The significance of pairwise relatedness has long been appreciated in understanding population genetic structure and evolution (Wright, 1922, 1969; Cotterman, 1940; Jacquard, 1974). Estimation of the pairwise relatedness is now simplified by the advent of abundant polymorphic markers, such as microsatellite markers and single-nucleotide polymorphisms (SNPs) (eg Brookes, 1999). The populations studied can either be populations with known pedigree or populations with unknown pedigree. There have been numerous studies exploring the marker-based statistical methods for the purpose of estimating pairwise relatedness (eg Thompson, 1975; Pamilo and Crozier, 1982; Lynch, 1988; Queller and Goodnight, 1989; Ritland, 1996; Lynch and Ritland, 1999; Wang, 2002; Milligan, 2003). However, these previous analyses mainly focus on the average pairwise relatedness per locus and have not been coupled with assessment of the genome-wide diversity in relatedness. The heterogeneity of pairwise relatedness along chromosomes cannot be assessed using these methods.

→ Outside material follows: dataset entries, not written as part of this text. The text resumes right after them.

(* $\mathsf{HA}\vdash\mathsf{HA}^\exists$, i.e. every axiom of $\mathsf{HA}^\exists$ is provable in $\mathsf{HA}$. Consequently every formula provable in $\mathsf{HA}^\exists$ is provable in $\mathsf{HA}$.
   Context: $\mathsf{HA}$ is Heyting arithmetic: intuitionistic first-order arithmetic over $0,\mathsf{S},+,\cdot,=$ with the equality axioms, the successor axioms, the defining axioms for $+$ and $\cdot$, and the induction scheme $P(0)\wedge\forall\alpha(P(\alpha)\to P(\alpha+1))\to\forall\alpha P(\alpha)$ for all formulas $P$. The $\exists$-translation $F\mapsto F^\exists$ is: $F^\exists=F$ for atomic $F$; it commutes with $\wedge,\vee,\to,\exists$; and $(\forall xF)^\exists=\neg\exists x\neg F^\exists$. $\mathsf{HA}^\exists$ is the intuitionistic theory whose axioms are the $\exists$-translations of the axioms of $\mathsf{HA}$ (in particular, the translated induction axiom is $P(0)\wedge\neg\exists\alpha\neg(P(\alpha)\to P(\alpha+1))\to\neg\exists\alpha\neg P(\alpha)$). *)

From Stdlib Require Import List.
Import ListNotations.

Inductive term : Type :=
| tvar : nat -> term
| tzero : term
| tsucc : term -> term
| tplus : term -> term -> term
| tmult : term -> term -> term.

Inductive form : Type :=
| fEq : term -> term -> form
| fBot : form
| fAnd : form -> form -> form
| fOr : form -> form -> form
| fImp : form -> form -> form
| fAll : form -> form      (* binds de Bruijn index 0 *)
| fEx : form -> form.

Definition fNot (A : form) : form := fImp A fBot.

Fixpoint tsubst (s : nat -> term) (t : term) : term :=
  match t with
  | tvar n => s n
  | tzero => tzero
  | tsucc u => tsucc (tsubst s u)
  | tplus u v => tplus (tsubst s u) (tsubst s v)
  | tmult u v => tmult (tsubst s u) (tsubst s v)
  end.

Definition tlift (t : term) : term := tsubst (fun n => tvar (S n)) t.

Definition up (s : nat -> term) : nat -> term :=
  fun n => match n with 0 => tvar 0 | S k => tlift (s k) end.

Fixpoint fsubst (s : nat -> term) (A : form) : form :=
  match A with
  | fEq u v => fEq (tsubst s u) (tsubst s v)
  | fBot => fBot
  | fAnd A B => fAnd (fsubst s A) (fsubst s B)
  | fOr A B => fOr (fsubst s A) (fsubst s B)
  | fImp A B => fImp (fsubst s A) (fsubst s B)
  | fAll A => fAll (fsubst (up s) A)
  | fEx A => fEx (fsubst (up s) A)
  end.

Definition flift (A : form) : form := fsubst (fun n => tvar (S n)) A.

(* substitution of t for variable 0 (other variables shift down) *)
Definition inst (t : term) : nat -> term :=
  fun n => match n with 0 => t | S k => tvar k end.

(* Axioms may contain free variables; since the axiom rule is available
   under every binder, they behave like their universal closures
   (as with a Hilbert system with the generalization rule). *)
Inductive Der (T : form -> Prop) : list form -> form -> Prop :=
| D_ax : forall G A, T A -> Der T G A
| D_hyp : forall G A, In A G -> Der T G A
| D_botE : forall G A, Der T G fBot -> Der T G A
| D_andI : forall G A B, Der T G A -> Der T G B -> Der T G (fAnd A B)
| D_andE1 : forall G A B, Der T G (fAnd A B) -> Der T G A
| D_andE2 : forall G A B, Der T G (fAnd A B) -> Der T G B
| D_orI1 : forall G A B, Der T G A -> Der T G (fOr A B)
| D_orI2 : forall G A B, Der T G B -> Der T G (fOr A B)
| D_orE : forall G A B C, Der T G (fOr A B) -> Der T (A :: G) C ->
    Der T (B :: G) C -> Der T G C
| D_impI : forall G A B, Der T (A :: G) B -> Der T G (fImp A B)
| D_impE : forall G A B, Der T G (fImp A B) -> Der T G A -> Der T G B
| D_allI : forall G A, Der T (map flift G) A -> Der T G (fAll A)
| D_allE : forall G A t, Der T G (fAll A) -> Der T G (fsubst (inst t) A)
| D_exI : forall G A t, Der T G (fsubst (inst t) A) -> Der T G (fEx A)
| D_exE : forall G A B, Der T G (fEx A) ->
    Der T (A :: map flift G) (flift B) -> Der T G B.

Definition provable (T : form -> Prop) (A : form) : Prop := Der T [] A.

Definition v0 := tvar 0.
Definition v1 := tvar 1.
Definition v2 := tvar 2.
Definition v3 := tvar 3.

(* The induction axiom for P, where index 0 of P plays the role of alpha
   and indices k+1 are the parameters k:
   P(0) /\ forall a (P(a) -> P(a+1)) -> forall a P(a). *)
Definition induction_ax (P : form) : form :=
  fImp (fAnd (fsubst (inst tzero) P)
             (fAll (fImp P (fsubst (fun n => match n with
                                              | 0 => tsucc (tvar 0)
                                              | S k => tvar (S k) end) P))))
       (fAll P).

Inductive HA_ax : form -> Prop :=
| ax_refl : HA_ax (fEq v0 v0)
| ax_sym : HA_ax (fImp (fEq v0 v1) (fEq v1 v0))
| ax_trans : HA_ax (fImp (fEq v0 v1) (fImp (fEq v1 v2) (fEq v0 v2)))
| ax_cong_succ : HA_ax (fImp (fEq v0 v1) (fEq (tsucc v0) (tsucc v1)))
| ax_cong_plus : HA_ax (fImp (fEq v0 v1) (fImp (fEq v2 v3)
                          (fEq (tplus v0 v2) (tplus v1 v3))))
| ax_cong_mult : HA_ax (fImp (fEq v0 v1) (fImp (fEq v2 v3)
                          (fEq (tmult v0 v2) (tmult v1 v3))))
| ax_succ_nz : HA_ax (fNot (fEq (tsucc v0) tzero))
| ax_succ_inj : HA_ax (fImp (fEq (tsucc v0) (tsucc v1)) (fEq v0 v1))
| ax_plus0 : HA_ax (fEq (tplus v0 tzero) v0)
| ax_plusS : HA_ax (fEq (tplus v0 (tsucc v1)) (tsucc (tplus v0 v1)))
| ax_mult0 : HA_ax (fEq (tmult v0 tzero) tzero)
| ax_multS : HA_ax (fEq (tmult v0 (tsucc v1)) (tplus (tmult v0 v1) v0))
| ax_ind : forall P, HA_ax (induction_ax P).

Fixpoint extr (A : form) : form :=
  match A with
  | fEq u v => fEq u v
  | fBot => fBot
  | fAnd A B => fAnd (extr A) (extr B)
  | fOr A B => fOr (extr A) (extr B)
  | fImp A B => fImp (extr A) (extr B)
  | fEx A => fEx (extr A)
  | fAll A => fNot (fEx (fNot (extr A)))
  end.

Definition HAex_ax (A : form) : Prop := exists B, HA_ax B /\ A = extr B.

(* Every axiom of HA other than induction is quantifier-free, so the
   exists-translation leaves it unchanged.
   For an induction axiom, write Q for the translated formula.  Induction in HA
   applied to ~~Q proves ~~Q(a) for all a: the translated step hypothesis
   ~ exists a ~(Q(a) -> Q(a+1)) turns ~~Q(a) into ~~Q(a+1), since ~Q(a+1)
   together with Q(a) would refute Q(a) -> Q(a+1).  Intuitionistically,
   forall a ~~Q(a) already implies ~ exists a ~Q(a). *)
From Stdlib Require Import List.
Import ListNotations.

Lemma incl_cons_same {X : Type} (a : X) (l m : list X) : incl l m -> incl (a :: l) (a :: m).
Proof. intros Hlm; apply incl_cons; [now left | now apply incl_tl]. Qed.

Lemma Der_weaken T G A : Der T G A -> forall G', incl G G' -> Der T G' A.
Proof.
  induction 1; intros G' HG; eauto using Der, incl_cons_same, incl_map.
  - eapply D_orE; eauto using incl_cons_same.
  - eapply D_exE; eauto using incl_cons_same, incl_map.
Qed.

Lemma Der_transfer (T T' : form -> Prop) :
  (forall A, T A -> provable T' A) -> forall G A, Der T G A -> Der T' G A.
Proof.
  intros HT G A D; induction D; eauto using Der.
  eapply Der_weaken; [now apply HT | apply incl_nil_l].
Qed.

Lemma tsubst_ext s s' t : (forall n, s n = s' n) -> tsubst s t = tsubst s' t.
Proof. intros H; induction t; simpl; congruence. Qed.

Lemma up_ext s s' : (forall n, s n = s' n) -> forall n, up s n = up s' n.
Proof. intros H [|n]; simpl; [reflexivity | now rewrite H]. Qed.

Lemma fsubst_ext A : forall s s', (forall n, s n = s' n) -> fsubst s A = fsubst s' A.
Proof.
  induction A; intros s s' H; simpl; f_equal; auto using tsubst_ext, up_ext.
Qed.

Lemma tsubst_comp s s' t :
  tsubst s (tsubst s' t) = tsubst (fun n => tsubst s (s' n)) t.
Proof. induction t; simpl; congruence. Qed.

Lemma up_comp s s' n :
  tsubst (up s) (up s' n) = up (fun m => tsubst s (s' m)) n.
Proof.
  destruct n; simpl; [reflexivity |].
  unfold tlift; rewrite !tsubst_comp; reflexivity.
Qed.

Lemma fsubst_comp A : forall s s',
  fsubst s (fsubst s' A) = fsubst (fun n => tsubst s (s' n)) A.
Proof.
  induction A; intros s s'; simpl; rewrite ?tsubst_comp; f_equal; auto;
    rewrite IHA; apply fsubst_ext, up_comp.
Qed.

Lemma tsubst_id t : tsubst tvar t = t.
Proof. induction t; simpl; congruence. Qed.

Lemma fsubst_id A : forall s, (forall n, s n = tvar n) -> fsubst s A = A.
Proof.
  induction A; intros s H; simpl; f_equal; auto;
    try (rewrite (tsubst_ext _ tvar _ H); apply tsubst_id);
    apply IHA; intros [|n]; simpl; rewrite ?H; reflexivity.
Qed.

Lemma inst_var0_up_lift A :
  fsubst (inst (tvar 0)) (fsubst (up (fun n => tvar (S n))) A) = A.
Proof. rewrite fsubst_comp; apply fsubst_id; now intros [|n]. Qed.

Lemma Der_allE_var0 T G A : Der T G (flift (fAll A)) -> Der T G A.
Proof. intros D; rewrite <- (inst_var0_up_lift A); now apply D_allE. Qed.

Lemma Der_exI_var0 T G A : Der T G A -> Der T G (flift (fEx A)).
Proof.
  intros D; apply (D_exI _ _ _ (tvar 0)); now rewrite inst_var0_up_lift.
Qed.

Ltac by_hyp := apply D_hyp; simpl; tauto.

Lemma Der_all_dneg_not_ex_not T G Q :
  Der T G (fImp (fAll (fNot (fNot Q))) (fNot (fEx (fNot Q)))).
Proof.
  apply D_impI, D_impI.
  apply (D_exE _ _ (fNot Q) fBot); [by_hyp |].
  apply (D_impE _ _ (fNot Q)); [| by_hyp].
  apply Der_allE_var0; by_hyp.
Qed.

(* Under a binder, the hypothesis [~ exists a ~(A -> B)] of the enclosing
   context appears lifted; its witness is the bound variable 0. *)
Lemma Der_dneg_step T G A B :
  Der T G (fImp (flift (fNot (fEx (fNot (fImp A B)))))
                (fImp (fNot (fNot A)) (fNot (fNot B)))).
Proof.
  apply D_impI, D_impI, D_impI.
  apply (D_impE _ _ (fNot A)); [by_hyp |].
  apply D_impI.
  apply (D_impE _ _ (flift (fEx (fNot (fImp A B))))); [by_hyp |].
  apply Der_exI_var0, D_impI.
  apply (D_impE _ _ B); [by_hyp |].
  apply (D_impE _ _ A); by_hyp.
Qed.

Definition subst_succ0 : nat -> term :=
  fun n => match n with 0 => tsucc (tvar 0) | S k => tvar (S k) end.

Definition ex_induction_ax (Q : form) : form :=
  fImp (fAnd (fsubst (inst tzero) Q)
             (fNot (fEx (fNot (fImp Q (fsubst subst_succ0 Q))))))
       (fNot (fEx (fNot Q))).

Lemma extr_fsubst A : forall s, extr (fsubst s A) = fsubst s (extr A).
Proof. induction A; intros s; simpl; rewrite ?IHA, ?IHA1, ?IHA2; reflexivity. Qed.

Lemma extr_induction_ax P : extr (induction_ax P) = ex_induction_ax (extr P).
Proof. unfold induction_ax; simpl; now rewrite !extr_fsubst. Qed.

Lemma HA_dneg_induction G Q :
  Der HA_ax G (fImp (fAnd (fsubst (inst tzero) Q)
                          (fNot (fEx (fNot (fImp Q (fsubst subst_succ0 Q))))))
                    (fAll (fNot (fNot Q)))).
Proof.
  apply D_impI.
  eapply D_impE; [apply D_ax, (ax_ind (fNot (fNot Q))) | apply D_andI].
  - apply D_impI.
    apply (D_impE _ _ (fsubst (inst tzero) Q)); [by_hyp |].
    eapply D_andE1; by_hyp.
  - apply D_allI.
    eapply D_impE; [apply Der_dneg_step |].
    eapply D_andE2; by_hyp.
Qed.

Lemma HA_ex_induction_ax G Q : Der HA_ax G (ex_induction_ax Q).
Proof.
  apply D_impI.
  eapply D_impE; [apply Der_all_dneg_not_ex_not |].
  eapply D_impE; [apply HA_dneg_induction | by_hyp].
Qed.

Lemma HA_extr_HA_ax B : HA_ax B -> provable HA_ax (extr B).
Proof.
  destruct 1; try (apply D_ax; constructor).
  rewrite extr_induction_ax; apply HA_ex_induction_ax.
Qed.

Theorem mainTheorem9 :
  (forall A, HAex_ax A -> provable HA_ax A) /\
  (forall A, provable HAex_ax A -> provable HA_ax A).
Proof.
  assert (HAex_in_HA : forall A, HAex_ax A -> provable HA_ax A).
  { intros A [B [HB ->]]; now apply HA_extr_HA_ax. }
  split; [exact HAex_in_HA |].
  intros A; apply Der_transfer, HAex_in_HA.
Qed.
Definition lin_span {K : numDomainType} {X : normedModType K} (S : set X) : set X :=
  [set x | exists (n : nat) (c : 'I_n -> K) (v : 'I_n -> X),
      (forall i, S (v i)) /\ x = \sum_(i < n) c i *: v i].

Definition linearly_dense {K : numDomainType} {X : normedModType K} (S : set X) : Prop :=
  closure (lin_span S) = [set: X].

Definition overcomplete {K : numDomainType} {X : normedModType K} (g : nat -> X) : Prop :=
  forall phi : nat -> nat, (forall n, (phi n < phi n.+1)%N) ->
    linearly_dense (range (g \o phi)).

Definition bounded_seq {K : numDomainType} {X : normedModType K} (g : nat -> X) : Prop :=
  exists M : K, forall n, `|g n| <= M.

Definition relatively_compact {T : topologicalType} (A : set T) : Prop :=
  compact (closure A).

From Stdlib Require Import Reals.
From HB Require Import structures.
From mathcomp Require Import all_boot all_order all_algebra.
From mathcomp Require Import all_classical all_reals all_analysis.
From mathcomp Require Import Rstruct Rstruct_topology.
From mathcomp Require Import lra.
Set Implicit Arguments. Unset Strict Implicit. Unset Printing Implicit Defensive.
Import Order.TTheory GRing.Theory Num.Theory.
Import numFieldNormedType.Exports.
Local Open Scope classical_set_scope.
Local Open Scope ring_scope.

(* Choose a Cauchy sequence (a_n) without limit, thinned out so that
   |a_p - a_q| <= s_p^p for p <= q, where s_n = 1/(n+2), and a dense sequence
   (e_k) rescaled into the unit ball, and put
   g_n = a_n + sum_(k < n) s_n^(k+1) e_k.
   Since g_n - a_n -> 0, the sequence g is Cauchy; if its range had compact
   closure, g would converge, and then so would a.
   Given a subsequence of g, every e_L lies in its closed span Y, by strong
   induction on L: for p <= q far out in the subsequence, the vector
   s_p^-(L+1) (g_p - g_q - sum_(k < L) s_p^(k+1) e_k) is in Y and lies within
   3 s_p + 2 s_q / s_p^(L+1) of e_L, which is small once p is large and q is
   then taken large with respect to p. *)

Lemma dense_closureT (T : topologicalType) (A : set T) :
  dense A -> closure A = [set: T].
Proof.
move=> dA; apply/seteqP; split=> // x _ B; rewrite nbhsE; case=> O [oO Ox] OB.
have [y [Oy Ay]] := dA O (ex_intro _ x Ox) oO.
by exists y; split=> //; apply: OB.
Qed.

Section RealNormedSpace.
Variables (K : realType) (X : normedModType K).

Lemma separable_dense_seq :
  separable_space X -> exists d : nat -> X, dense (range d).
Proof.
move=> [D [/pcard_surjP [d dsurj] dD]]; exists d => O O0 oO.
have [x [Ox Dx]] := dD O O0 oO; have [n _ dnx] := dsurj x Dx.
by exists x; split=> //; exists n.
Qed.

Lemma closure_normP (A : set X) x :
  closure A x <-> forall e, 0 < e -> exists2 a, A a & `|x - a| < e.
Proof.
split=> [clAx e e0 | Ax B /nbhs_ballP [e /= e0 eB]].
  have [a [Aa]] := clAx _ (nbhsx_ballx x e e0).
  by rewrite -ball_normE; exists a.
have [a Aa xa] := Ax e e0; exists a; split=> //.
by apply: eB; rewrite -ball_normE.
Qed.

Section ClosedSpan.
Variable S : set X.

Lemma sub_lin_span : S `<=` lin_span S.
Proof.
move=> x Sx; exists 1%N, (fun=> 1), (fun=> x); split=> //.
by rewrite big_ord1 scale1r.
Qed.

Lemma lin_span0 : lin_span S 0.
Proof. by exists 0%N, (fun=> 0), (fun=> 0); split=> [[] //|]; rewrite big_ord0. Qed.

Lemma lin_spanZ c x : lin_span S x -> lin_span S (c *: x).
Proof.
move=> [n [a [v [Sv ->]]]]; exists n, (fun i => c * a i), v; split=> //.
by rewrite scaler_sumr; apply: eq_bigr => i _; rewrite scalerA.
Qed.

Lemma lin_spanD x y : lin_span S x -> lin_span S y -> lin_span S (x + y).
Proof.
move=> [n [a [v [Sv ->]]]] [m [b [w [Sw ->]]]].
pose glue T (f : 'I_n -> T) (h : 'I_m -> T) i :=
  match fintype.split i with inl j => f j | inr j => h j end.
exists (n + m)%N, (glue _ a b), (glue _ v w); split.
  by move=> i; rewrite /glue; case: (fintype.split i).
rewrite big_split_ord /glue; congr (_ + _); apply: eq_bigr => i _.
  by rewrite (unsplitK (inl _ i)).
by rewrite (unsplitK (inr _ i)).
Qed.

Local Notation cspan := (closure (lin_span S)).

Lemma sub_closure_lin_span : S `<=` cspan.
Proof. by move=> x /sub_lin_span; apply: subset_closure. Qed.

Lemma closure_lin_spanD x y : cspan x -> cspan y -> cspan (x + y).
Proof.
move=> /closure_normP clx /closure_normP cly; apply/closure_normP => e e0.
have e2 : 0 < e / 2 by lra.
have [a Sa xa] := clx _ e2; have [b Sb yb] := cly _ e2.
exists (a + b); first exact: lin_spanD.
rewrite opprD addrACA; apply: le_lt_trans (ler_normD _ _) _; lra.
Qed.

Lemma closure_lin_spanZ c x : cspan x -> cspan (c *: x).
Proof.
move=> /closure_normP clx; apply/closure_normP => e e0.
have c1_gt0 : 0 < `|c| + 1 by rewrite ltr_wpDl.
have [a Sa] := clx _ (divr_gt0 e0 c1_gt0); rewrite ltr_pdivlMr // => xa.
exists (c *: a); first exact: lin_spanZ.
rewrite -scalerBr normrZ; have := normr_ge0 c; have := normr_ge0 (x - a); nra.
Qed.

Lemma closure_lin_spanB x y : cspan x -> cspan y -> cspan (x - y).
Proof.
by move=> clx cly; rewrite -scaleN1r; apply/closure_lin_spanD/closure_lin_spanZ.
Qed.

Lemma closure_lin_span_sum (r : seq nat) (P : pred nat) (F : nat -> X) :
  (forall i, P i -> cspan (F i)) -> cspan (\sum_(i <- r | P i) F i).
Proof.
move=> clF; apply: big_ind => //; last exact: closure_lin_spanD.
exact/subset_closure/lin_span0.
Qed.

End ClosedSpan.

Lemma linearly_dense_of_dense (S D : set X) :
  dense D -> D `<=` closure (lin_span S) -> linearly_dense S.
Proof.
move=> dD DS; apply/seteqP; split=> // x _.
rewrite (closure_id (closure (lin_span S))).1; last exact: closed_closure.
by apply: (closureS DS); rewrite dense_closureT.
Qed.

Lemma norm_shrink_le1 (x : X) : `|(1 + `|x|)^-1 *: x| <= 1.
Proof.
have x1_gt0 : 0 < 1 + `|x| by rewrite ltr_pwDl.
rewrite normrZ ger0_norm ?invr_ge0 ?(ltW x1_gt0) // mulrC ler_pdivrMr //; lra.
Qed.

Lemma cauchy_seqP (u : nat -> X) :
  cauchy (u @ \oo) <-> forall e, 0 < e -> exists N,
    forall m n, (N <= m)%N -> (N <= n)%N -> `|u m - u n| < e.
Proof.
split=> [/cauchyP cu e e0 | cu].
  have e2 : 0 < e / 2 by lra.
  have [x [N _ uN]] := cu _ e2.
  exists N => m n Nm Nn; have := uN m Nm; have := uN n Nn.
  rewrite -!ball_normE /= => xn xm.
  by apply: le_lt_trans (ler_distD x _ _) _; rewrite distrC; lra.
apply: cauchy_exP => e e0; have [N uN] := cu e e0.
by exists (u N), N => // n Nn; rewrite -ball_normE; apply: uN.
Qed.

Lemma cauchy_fast_subseq (u : nat -> X) (r : nat -> K) :
  cauchy (u @ \oo) -> (forall n, 0 < r n) ->
  exists psi : nat -> nat, (forall n, n <= psi n)%N /\
    forall p q, (p <= q)%N -> `|u (psi p) - u (psi q)| < r p.
Proof.
move=> /cauchy_seqP cu r_gt0.
have /choice [N uN] := fun n => cu (r n) (r_gt0 n).
exists (fun n => n + \max_(i < n.+1) N i)%N; split=> [n | p q pq].
  exact: leq_addr.
have N_le k n : (k <= n)%N -> (N k <= n + \max_(i < n.+1) N i)%N.
  move=> kn; apply: leq_trans (leq_addl _ _).
  exact: (leq_bigmax (F := fun i : 'I_n.+1 => N i) (Ordinal (kn : k < n.+1)%N)).
by apply: uN; apply: N_le.
Qed.

Lemma incomplete_fast_cauchy (r : nat -> K) :
  incomplete_space X -> (forall n, 0 < r n) ->
  exists a : nat -> X, [/\ cauchy (a @ \oo), ~ cvg (a @ \oo) &
    forall p q, (p <= q)%N -> `|a p - a q| <= r p].
Proof.
move=> [u [cu ncu]] r_gt0; have [psi [psi_ge fast]] := cauchy_fast_subseq cu r_gt0.
have near_psi e : 0 < e -> exists N, forall m n, (N <= m)%N -> (N <= n)%N ->
    `|u m - u (psi n)| < e.
  move=> e0; have [N uN] := (cauchy_seqP u).1 cu e e0.
  by exists N => m n Nm Nn; apply: uN => //; apply: leq_trans Nn (psi_ge n).
exists (u \o psi); split=> [| cva | p q pq]; last exact/ltW/fast.
  apply/cauchy_seqP => e e0; have [N uN] := near_psi e e0.
  by exists N => m n Nm Nn; apply: uN => //; apply: leq_trans Nm (psi_ge m).
apply: ncu; have /cvg_ex [l al] := cva; apply: (cvgP (0 + l)).
have -> : u = (fun n => u n - u (psi n)) + (u \o psi).
  by apply/funext => n; rewrite !fctE subrK.
apply: cvgD al; apply/cvgr0Pnorm_lt => e e0; have [N uN] := near_psi e e0.
by exists N => // n Nn; apply: uN.
Qed.

Lemma not_relatively_compact_asymptotic (a g : nat -> X) :
  cauchy (a @ \oo) -> ~ cvg (a @ \oo) -> (g - a) @ \oo --> 0 ->
  ~ relatively_compact (range g).
Proof.
move=> ca nca ga0 cpt; apply: nca.
have cg : cauchy (g @ \oo).
  apply/cauchy_seqP => e e0; have e3 : 0 < e / 3 by lra.
  have [N1 aN1] := (cauchy_seqP a).1 ca _ e3.
  have [N2 _ gaN2] := (cvgr0Pnorm_lt _).1 ga0 _ e3.
  exists (maxn N1 N2) => m n; rewrite !geq_max => /andP[m1 m2] /andP[n1 n2].
  have := aN1 m n m1 n1; have := gaN2 m m2; have := gaN2 n n2; rewrite /= distrC.
  have := ler_distD (a m) (g m) (g n); have := ler_distD (a n) (a m) (g n); lra.
have /cvg_ex [x gx] : cvg (g @ \oo).
  apply: compact_cauchy_cvg cpt => //.
  by exists 0%N => // n _; apply: subset_closure; exists n.
apply: (cvgP (x - 0)); have -> : a = g - (g - a) by apply/funext => n /=; rewrite subKr.
exact: cvgB.
Qed.

Lemma norm_geometric_sum_le (s : K) (v : nat -> X) m n :
  0 <= s -> s <= 2^-1 -> (forall k, `|v k| <= 1) ->
  `|\sum_(m <= k < n) s ^+ k.+1 *: v k| <= 2 * s ^+ m.+1.
Proof.
move=> s_ge0 s_le_half v_le1.
have tail d : forall m, `|\sum_(m <= k < m + d) s ^+ k.+1 *: v k| <= 2 * s ^+ m.+1.
  elim: d => [|d IH] i.
    by rewrite addn0 big_geq // normr0 mulr_ge0 // exprn_ge0.
  rewrite addnS -addSn big_ltn ?ltnS ?leq_addr //.
  apply: le_trans (ler_normD _ _) _.
  have := IH i.+1; rewrite normrZ ger0_norm ?exprn_ge0 // !exprS.
  have y_ge0 : 0 <= s * s ^+ i by rewrite mulr_ge0 ?exprn_ge0.
  set y := s * s ^+ i.
  have yv_le : y * `|v i| <= y by rewrite ler_piMr.
  have sy_le : 2 * (s * y) <= y.
    by rewrite mulrA -[leRHS]mul1r ler_wpM2r //; lra.
  lra.
have [mn | nm] := leqP m n; first by rewrite -(subnKC mn); apply: tail.
by rewrite big_geq ?normr0 ?mulr_ge0 ?exprn_ge0 // ltnW.
Qed.

Section Perturbation.
Variables (s : nat -> K) (a e : nat -> X).
Hypotheses (s_gt0 : forall n, 0 < s n) (s_le_half : forall n, s n <= 2^-1).
Hypothesis s_cvg0 : s @ \oo --> 0.
Hypothesis e_le1 : forall k, `|e k| <= 1.
Hypothesis a_fast : forall p q, (p <= q)%N -> `|a p - a q| <= s p ^+ p.

Definition perturbed n := a n + \sum_(0 <= k < n) s n ^+ k.+1 *: e k.

Let s_small eps : 0 < eps -> exists N, forall n, (N <= n)%N -> s n < eps.
Proof.
move=> eps0; have [N _ sN] := (cvgr0Pnorm_lt _).1 s_cvg0 _ eps0.
by exists N => n /sN; rewrite gtr0_norm.
Qed.

Lemma norm_perturbed_sub_le n : `|perturbed n - a n| <= 2 * s n.
Proof.
have := @norm_geometric_sum_le (s n) e 0 n (ltW (s_gt0 n)) (s_le_half n) e_le1.
by rewrite expr1 /perturbed [a n + _]addrC addrK.
Qed.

Previous theories on kinship mapping, the relationship between the joint probability of identity-by-descent (IBD) of linked markers and the recombination fraction (Morton et al, 1971; Morton and Simpson, 1983) did not examine the interaction among linked loci in terms of the correlation of relatedness. A recent theoretical study evaluated the role of drift, gene flow, selfing, and mutation in affecting the association of gene identity, and shows that a small identity disequilibrium (ID) within subpopulations is present (Vitalis and Couvet, 2001a). ID is termed as the difference between the joint two-loci probability of identity-in-state (IIS) and the expected product of each component's IIS probability. Such an ID approach is essentially distinct from the correlation of relatedness, which assesses the difference in terms of IBD. Unlike Vitalis and Couvet (2001b), who apply ID to jointly estimate the local effective population size and migration rate, I use the joint probabilities of two- and three-loci IBD to address the correlation of pairwise relatedness among loci.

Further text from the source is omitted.